* What to work on
Report every line of the data where the string "unitfE" appears.

* Records provided
(* the least eigenvalue of H exists and is simple
   (algebraic multiplicity 1 = multiplicity as a root of char_poly) *)
Definition least_eig_simple (C : numClosedFieldType) n (H : 'M[C]_n) : Prop :=
  exists lam : C, [/\ eigenvalue H lam,
                      (forall mu, eigenvalue H mu -> lam <= mu) &
                      mup lam (char_poly H) = 1%N].

Definition num_distinct_eigs (C : numClosedFieldType) n (H : 'M[C]_n) (k : nat) : Prop :=
  exists s : seq C, [/\ uniq s, size s = k & forall x, eigenvalue H x <-> x \in s].

From HB Require Import structures.
From mathcomp Require Import all_boot all_order all_algebra.
From mathcomp Require Import sesquilinear spectral.
Import Order.TTheory GRing.Theory Num.Theory.
Set Implicit Arguments.
Unset Strict Implicit.
Unset Printing Implicit Defensive.
Local Open Scope ring_scope.

(* Only two facts about H are used: it is unitarily diagonalizable with a real
   spectrum, and the eigenvalue mu_k has algebraic multiplicity one.
   If H = U^* diag(d) U with U unitary, then prod_{i<k}(H - mu_i) is
   U^* diag(prod_i (d_j - mu_i)) U, which kills every diagonal entry except the
   single one equal to mu_k; this is the rank-one formula, with alpha the
   corresponding (unit) column of U^*.  Conversely, a left eigenvector v for an
   eigenvalue x outside {mu_i} is orthogonal to the right eigenvector alpha, so
   v prod_i (H - mu_i) = prod_i (x - mu_i) v vanishes, forcing v = 0. *)

Lemma mem_mkseqP (T : eqType) (f : nat -> T) n x :
  reflect (exists2 i, (i < n)%N & x = f i) (x \in mkseq f n).
Proof.
by apply: (iffP mapP) => -[i]; rewrite ?mem_iota /= ?add0n => ilt ->; exists i;
  rewrite ?mem_iota.
Qed.

Lemma count_codom (T : finType) (T' : eqType) (f : T -> T') y :
  count_mem y (codom f) = #|[pred x | f x == y]|.
Proof. by rewrite codomE count_map cardE -size_filter enumT /enum_mem. Qed.

Section RemLast.

Variables (T : eqType) (s : seq T) (x : T).
Hypotheses (s_uniq : uniq s) (x_in_s : x \in s).

Lemma nth_rem_last : nth x (rem x s) (size s).-1 = x.
Proof. by rewrite nth_default // size_rem. Qed.

Lemma mem_nth_rem i : nth x (rem x s) i \in s.
Proof.
have [i_lt|i_ge] := ltnP i (size (rem x s)); last by rewrite nth_default.
exact/mem_rem/mem_nth.
Qed.

Lemma nth_rem_inj : {in gtn (size s) &, injective (nth x (rem x s))}.
Proof.
have s_gt0 : (0 < size s)%N by case: s x_in_s.
apply/mkseq_uniqP; rewrite -(prednK s_gt0) -(size_rem x_in_s).
by rewrite mkseqS mkseq_nth nth_default // rcons_uniq mem_rem_uniqF ?rem_uniq.
Qed.

Lemma nth_rem_index y : y \in s -> y != x ->
  exists2 i, (i < (size s).-1)%N & nth x (rem x s) i = y.
Proof.
move=> y_in_s y_neq_x.
have y_in_rem : y \in rem x s by rewrite mem_rem_uniq // inE y_neq_x.
by exists (index y (rem x s)); rewrite ?nth_index // -(size_rem x_in_s) index_mem.
Qed.

End RemLast.

Lemma eigenvalueE (F : fieldType) n (A : 'M[F]_n) a :
  eigenvalue A a = (\det (A - a%:M) == 0).
Proof.
by rewrite /eigenvalue /eigenspace kermx_eq0 row_free_unit unitmxE unitfE negbK.
Qed.

Lemma eigenvalue_col (F : fieldType) n (A : 'M[F]_n) (alpha : 'cV_n) a :
  alpha != 0 -> A *m alpha = a *: alpha -> eigenvalue A a.
Proof.
move=> alpha_neq0 A_alpha; rewrite eigenvalueE -[_ == 0]negbK -unitfE -unitmxE.
apply: contra alpha_neq0 => unit_A.
by rewrite -(mulKmx unit_A alpha) mulmxBl A_alpha mul_scalar_mx subrr mulmx0.
Qed.

Lemma left_right_eigenvector_orth (F : fieldType) n (A : 'M[F]_n)
    (v : 'rV_n) (alpha : 'cV_n) x y :
  v *m A = x *: v -> A *m alpha = y *: alpha -> x != y -> v *m alpha = 0.
Proof.
move=> vA A_alpha x_neq_y.
have : (x - y) *: (v *m alpha) = 0.
  by rewrite scalerBl scalemxAl -vA -mulmxA A_alpha -scalemxAr subrr.
by move/eqP; rewrite scaler_eq0 subr_eq0 (negbTE x_neq_y) => /eqP.
Qed.

Lemma left_eigenvector_prod (R : comPzRingType) n (A : 'M[R]_n) (v : 'rV_n) x
    (a : nat -> R) m :
  v *m A = x *: v ->
  v *m \prod_(0 <= i < m) (A - (a i)%:M) = (\prod_(0 <= i < m) (x - a i)) *: v.
Proof.
move=> vA; elim: m => [|m IHm]; first by rewrite !big_geq // scale1r mulmx1.
rewrite !big_nat_recr //= -mulmxE mulmxA IHm -scalemxAl mulmxBr vA.
by rewrite mul_mx_scalar -scalerBl scalerA.
Qed.

Lemma eigenvalue_rank_one_prod (F : fieldType) n (A : 'M[F]_n) (mu : nat -> F) m
    (alpha : 'cV_n) (beta : 'rV_n) c :
  (forall i, (i < m)%N -> eigenvalue A (mu i)) ->
  alpha != 0 -> A *m alpha = mu m *: alpha ->
  \prod_(0 <= i < m) (A - (mu i)%:M) = c *: (alpha *m beta) ->
  forall x, eigenvalue A x = (x \in mkseq mu m.+1).
Proof.
move=> mu_eig alpha_neq0 A_alpha A_prod x; apply/idP/idP; last first.
  case/mem_mkseqP=> i; rewrite ltnS leq_eqVlt => /orP[/eqP-> ->|/mu_eig mu_i ->] //.
  exact: eigenvalue_col A_alpha.
case/eigenvalueP=> v vA; apply: contraLR => x_notin.
have x_neq_mu i : (i <= m)%N -> x != mu i.
  by move=> i_le; apply: contraNneq x_notin => ->; apply/mem_mkseqP; exists i.
have v_alpha := left_right_eigenvector_orth vA A_alpha (x_neq_mu m (leqnn m)).
have prod_neq0 : \prod_(0 <= i < m) (x - mu i) != 0.
  rewrite prodf_seq_neq0; apply/allP => i; rewrite mem_index_iota subr_eq0.
  by case/andP=> _ /ltnW/x_neq_mu.
have prod_v : (\prod_(0 <= i < m) (x - mu i)) *: v = 0.
  rewrite -(left_eigenvector_prod _ _ vA) A_prod -scalemxAr mulmxA v_alpha.
  by rewrite mul0mx scaler0.
by rewrite negbK; apply/eqP/(scalerI prod_neq0); rewrite prod_v scaler0.
Qed.

Section ConjugateDiagonal.

Variables (F : fieldType) (n : nat) (P Q : 'M[F]_n) (d : 'rV[F]_n).
Hypothesis QP : Q *m P = 1%:M.

Lemma conj_diag_subr x :
  Q *m diag_mx d *m P - x%:M = Q *m diag_mx (d - const_mx x) *m P.
Proof.
rewrite linearB /= diag_const_mx mulmxBr mulmxBl mul_mx_scalar -scalemxAl.
by rewrite QP scalemx1.
Qed.

Lemma char_poly_conj_diag :
  char_poly (Q *m diag_mx d *m P) = \prod_(y <- codom (d 0)) ('X - y%:P).
Proof.
have QP_poly : map_mx polyC Q *m map_mx polyC P = 1%:M.
  by rewrite -map_mxM QP map_mx1.
rewrite /char_poly.
have -> : char_poly_mx (Q *m diag_mx d *m P) =
          map_mx polyC Q *m char_poly_mx (diag_mx d) *m map_mx polyC P.
  rewrite /char_poly_mx mulmxBr mulmxBl !map_mxM mul_mx_scalar -scalemxAl.
  by rewrite QP_poly scalemx1.
rewrite !det_mulmx mulrAC -det_mulmx QP_poly det1 mul1r -/(char_poly _).
rewrite char_poly_trig ?diag_mx_is_trig // codomE big_map big_enum /=.
by apply: eq_bigr => j _; rewrite mxE eqxx mulr1n.
Qed.

Lemma eigenvalue_conj_diag x :
  eigenvalue (Q *m diag_mx d *m P) x = (x \in codom (d 0)).
Proof. by rewrite eigenvalue_root_char char_poly_conj_diag root_prod_XsubC. Qed.

Lemma mup_conj_diag x :
  mup x (char_poly (Q *m diag_mx d *m P)) = #|[pred j | d 0 j == x]|.
Proof. by rewrite char_poly_conj_diag mu_prod_XsubC count_codom. Qed.

Hypothesis PQ : P *m Q = 1%:M.

Lemma prod_conj_diag (a : nat -> F) m :
  \prod_(0 <= i < m) (Q *m diag_mx d *m P - (a i)%:M) =
  Q *m diag_mx (\row_j \prod_(0 <= i < m) (d 0 j - a i)) *m P.
Proof.
elim: m => [|m IHm].
  rewrite big_geq // (_ : \row_j _ = const_mx 1).
    by rewrite diag_const_mx mul_mx_scalar scale1r QP.
  by apply/rowP=> j; rewrite !mxE big_geq.
rewrite big_nat_recr //= IHm conj_diag_subr -mulmxE !mulmxA -(mulmxA _ P) PQ mulmx1.
rewrite -(mulmxA Q) mulmx_diag; congr (Q *m diag_mx _ *m P).
by apply/rowP=> j; rewrite !mxE big_nat_recr //= !mxE.
Qed.

Lemma conj_diag_mul_col j : Q *m diag_mx d *m P *m col j Q = d 0 j *: col j Q.
Proof.
rewrite colE -!mulmxA (mulmxA P) PQ mul1mx scalemxAr; congr (Q *m _).
apply/matrixP=> a b; rewrite mul_diag_mx !mxE.
by case: eqP => [->|]; rewrite ?mulr1 ?mulr0.
Qed.

Lemma prod_conj_diag_rank_one (a : nat -> F) m j0 :
  (forall j, j != j0 -> exists2 i, (i < m)%N & a i = d 0 j) ->
  \prod_(0 <= i < m) (Q *m diag_mx d *m P - (a i)%:M) =
  (\prod_(0 <= i < m) (d 0 j0 - a i)) *: (col j0 Q *m row j0 P).
Proof.
move=> a_covers; rewrite prod_conj_diag.
set c := \prod_(0 <= i < m) (d 0 j0 - a i).
suff -> : diag_mx (\row_j \prod_(0 <= i < m) (d 0 j - a i)) = c *: delta_mx j0 j0.
  rewrite -scalemxAr -scalemxAl colE rowE mulmxA; congr (_ *: _).
  by rewrite -(mulmxA Q (delta_mx j0 0)) mul_delta_mx.
apply/matrixP=> j l; rewrite !mxE.
have [<-|j_neq_l] := eqVneq j l; last first.
  rewrite mulr0n; case: eqVneq => [j_eq_j0|_] /=; last by rewrite mulr0n mulr0.
  by rewrite -j_eq_j0 eq_sym (negbTE j_neq_l) mulr0n mulr0.
rewrite !mulr1n; have [->|j_neq_j0] := eqVneq j j0; first by rewrite mulr1.
rewrite mulr0; have [i i_lt <-] := a_covers j j_neq_j0.
apply/eqP; rewrite prodf_seq_eq0; apply/hasP; exists i; first by rewrite mem_index_iota.
by rewrite subrr eqxx.
Qed.

End ConjugateDiagonal.

Lemma ctrmxK (C : numClosedFieldType) m n (A : 'M[C]_(m, n)) : ctrmx (ctrmx A) = A.
Proof. by apply/matrixP=> i j; rewrite !mxE conjCK. Qed.

Lemma ctrmx_col (C : numClosedFieldType) m n (A : 'M[C]_(m, n)) j :
  ctrmx (col j A) = row j (ctrmx A).
Proof. by apply/matrixP=> i l; rewrite !mxE. Qed.

Lemma sqnorm2_col_ctrmx (C : numClosedFieldType) n (U : 'M[C]_n) j :
  U *m ctrmx U = 1%:M -> sqnorm2 (col j (ctrmx U)) = 1.
Proof.
move=> U_unitary; have <- : (U *m ctrmx U) j j = 1 by rewrite U_unitary mxE eqxx.
rewrite /sqnorm2 ctrmx_col ctrmxK !mxE.
by apply: eq_bigr => l _; rewrite !mxE.
Qed.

* Exercise output
by rewrite /eigenvalue /eigenspace kermx_eq0 row_free_unit unitmxE unitfE negbK.
move=> alpha_neq0 A_alpha; rewrite eigenvalueE -[_ == 0]negbK -unitfE -unitmxE.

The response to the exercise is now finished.